======== Supplied entries

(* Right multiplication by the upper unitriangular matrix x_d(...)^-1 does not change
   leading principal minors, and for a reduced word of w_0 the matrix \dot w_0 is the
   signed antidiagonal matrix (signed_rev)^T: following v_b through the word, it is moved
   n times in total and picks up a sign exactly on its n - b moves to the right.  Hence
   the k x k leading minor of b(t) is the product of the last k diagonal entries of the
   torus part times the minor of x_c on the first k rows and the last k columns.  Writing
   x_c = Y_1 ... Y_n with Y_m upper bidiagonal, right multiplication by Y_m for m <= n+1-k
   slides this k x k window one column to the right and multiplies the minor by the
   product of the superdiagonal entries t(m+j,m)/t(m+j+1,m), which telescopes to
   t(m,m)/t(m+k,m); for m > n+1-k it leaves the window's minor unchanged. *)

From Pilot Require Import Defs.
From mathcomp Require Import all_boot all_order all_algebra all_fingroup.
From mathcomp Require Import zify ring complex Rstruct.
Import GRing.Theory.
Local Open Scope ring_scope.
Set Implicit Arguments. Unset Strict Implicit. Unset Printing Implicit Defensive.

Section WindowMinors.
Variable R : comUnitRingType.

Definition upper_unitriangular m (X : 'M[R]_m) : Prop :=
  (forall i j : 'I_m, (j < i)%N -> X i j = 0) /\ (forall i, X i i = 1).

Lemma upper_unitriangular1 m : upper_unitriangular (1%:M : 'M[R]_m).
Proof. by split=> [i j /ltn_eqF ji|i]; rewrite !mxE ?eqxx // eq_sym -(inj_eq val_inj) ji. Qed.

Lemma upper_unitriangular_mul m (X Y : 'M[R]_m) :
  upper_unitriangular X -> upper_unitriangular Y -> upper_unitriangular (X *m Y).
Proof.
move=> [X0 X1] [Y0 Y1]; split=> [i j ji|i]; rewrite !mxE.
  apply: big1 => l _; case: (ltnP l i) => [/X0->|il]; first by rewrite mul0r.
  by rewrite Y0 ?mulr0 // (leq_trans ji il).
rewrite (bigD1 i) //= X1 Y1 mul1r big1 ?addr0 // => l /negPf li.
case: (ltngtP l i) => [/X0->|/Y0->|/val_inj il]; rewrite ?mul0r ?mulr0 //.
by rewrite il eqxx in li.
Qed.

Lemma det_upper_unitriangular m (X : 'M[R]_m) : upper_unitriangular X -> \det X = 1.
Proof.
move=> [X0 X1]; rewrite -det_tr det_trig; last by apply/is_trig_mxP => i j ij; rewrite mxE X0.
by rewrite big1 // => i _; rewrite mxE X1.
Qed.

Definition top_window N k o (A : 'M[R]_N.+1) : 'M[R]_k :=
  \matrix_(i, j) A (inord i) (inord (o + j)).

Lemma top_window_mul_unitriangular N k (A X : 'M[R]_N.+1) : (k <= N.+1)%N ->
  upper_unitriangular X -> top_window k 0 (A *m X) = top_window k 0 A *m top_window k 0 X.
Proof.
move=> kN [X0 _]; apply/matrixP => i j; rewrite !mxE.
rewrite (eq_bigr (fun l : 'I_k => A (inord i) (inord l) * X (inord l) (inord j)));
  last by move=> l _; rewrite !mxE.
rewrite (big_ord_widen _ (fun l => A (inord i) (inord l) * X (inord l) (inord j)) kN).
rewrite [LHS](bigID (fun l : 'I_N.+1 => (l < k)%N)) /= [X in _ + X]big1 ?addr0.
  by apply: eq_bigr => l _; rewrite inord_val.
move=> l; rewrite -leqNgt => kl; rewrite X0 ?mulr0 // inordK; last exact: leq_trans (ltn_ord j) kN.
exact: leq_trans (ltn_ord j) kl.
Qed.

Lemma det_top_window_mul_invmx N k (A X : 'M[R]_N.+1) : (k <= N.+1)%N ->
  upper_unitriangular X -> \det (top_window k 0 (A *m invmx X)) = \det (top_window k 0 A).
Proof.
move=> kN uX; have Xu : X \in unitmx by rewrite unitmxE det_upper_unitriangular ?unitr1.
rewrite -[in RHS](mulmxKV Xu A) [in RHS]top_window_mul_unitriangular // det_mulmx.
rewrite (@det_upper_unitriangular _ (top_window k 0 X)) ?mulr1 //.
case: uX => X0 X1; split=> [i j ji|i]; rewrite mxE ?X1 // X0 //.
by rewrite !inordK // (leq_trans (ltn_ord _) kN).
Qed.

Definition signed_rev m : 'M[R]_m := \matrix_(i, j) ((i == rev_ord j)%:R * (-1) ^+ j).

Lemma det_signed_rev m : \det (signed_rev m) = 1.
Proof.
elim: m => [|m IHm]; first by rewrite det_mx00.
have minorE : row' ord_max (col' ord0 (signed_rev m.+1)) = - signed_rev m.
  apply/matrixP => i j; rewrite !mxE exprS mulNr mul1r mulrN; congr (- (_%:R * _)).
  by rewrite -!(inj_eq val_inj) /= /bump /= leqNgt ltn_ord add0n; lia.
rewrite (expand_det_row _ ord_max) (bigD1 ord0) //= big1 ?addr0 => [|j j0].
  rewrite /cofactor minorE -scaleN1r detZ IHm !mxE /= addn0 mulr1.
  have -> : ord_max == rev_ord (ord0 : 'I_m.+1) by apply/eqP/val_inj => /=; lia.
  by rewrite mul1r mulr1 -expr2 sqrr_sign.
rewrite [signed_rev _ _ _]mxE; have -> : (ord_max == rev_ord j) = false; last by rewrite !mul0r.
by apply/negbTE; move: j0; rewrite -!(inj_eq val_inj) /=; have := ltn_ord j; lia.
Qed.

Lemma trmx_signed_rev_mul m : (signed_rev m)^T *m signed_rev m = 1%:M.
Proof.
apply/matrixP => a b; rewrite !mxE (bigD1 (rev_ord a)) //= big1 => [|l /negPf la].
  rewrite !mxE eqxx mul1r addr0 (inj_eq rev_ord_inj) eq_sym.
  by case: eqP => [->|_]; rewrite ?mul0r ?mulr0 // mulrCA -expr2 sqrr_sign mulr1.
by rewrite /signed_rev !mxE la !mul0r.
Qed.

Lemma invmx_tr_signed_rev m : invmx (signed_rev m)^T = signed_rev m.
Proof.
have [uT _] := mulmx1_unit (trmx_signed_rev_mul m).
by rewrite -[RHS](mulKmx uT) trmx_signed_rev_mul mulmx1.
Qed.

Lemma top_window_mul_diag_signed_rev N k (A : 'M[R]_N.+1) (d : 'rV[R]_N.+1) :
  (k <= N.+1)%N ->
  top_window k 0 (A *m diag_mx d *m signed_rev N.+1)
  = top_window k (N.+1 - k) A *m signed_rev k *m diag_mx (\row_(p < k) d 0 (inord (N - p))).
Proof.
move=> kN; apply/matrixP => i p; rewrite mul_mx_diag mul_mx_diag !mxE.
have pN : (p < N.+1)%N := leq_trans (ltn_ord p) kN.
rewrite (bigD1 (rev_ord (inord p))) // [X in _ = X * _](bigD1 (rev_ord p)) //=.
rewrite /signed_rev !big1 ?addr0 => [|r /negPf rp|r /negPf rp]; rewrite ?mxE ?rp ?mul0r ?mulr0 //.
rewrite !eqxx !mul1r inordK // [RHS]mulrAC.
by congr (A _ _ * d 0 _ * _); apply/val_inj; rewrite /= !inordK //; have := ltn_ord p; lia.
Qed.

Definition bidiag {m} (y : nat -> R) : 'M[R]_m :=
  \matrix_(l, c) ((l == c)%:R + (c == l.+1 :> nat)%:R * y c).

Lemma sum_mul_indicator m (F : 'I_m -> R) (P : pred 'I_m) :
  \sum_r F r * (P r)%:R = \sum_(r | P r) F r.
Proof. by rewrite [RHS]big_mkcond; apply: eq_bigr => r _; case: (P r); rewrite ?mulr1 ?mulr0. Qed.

================

Reply with nothing but the number of lines in the data above that contain "leqNgt".

**Solved problem:** 2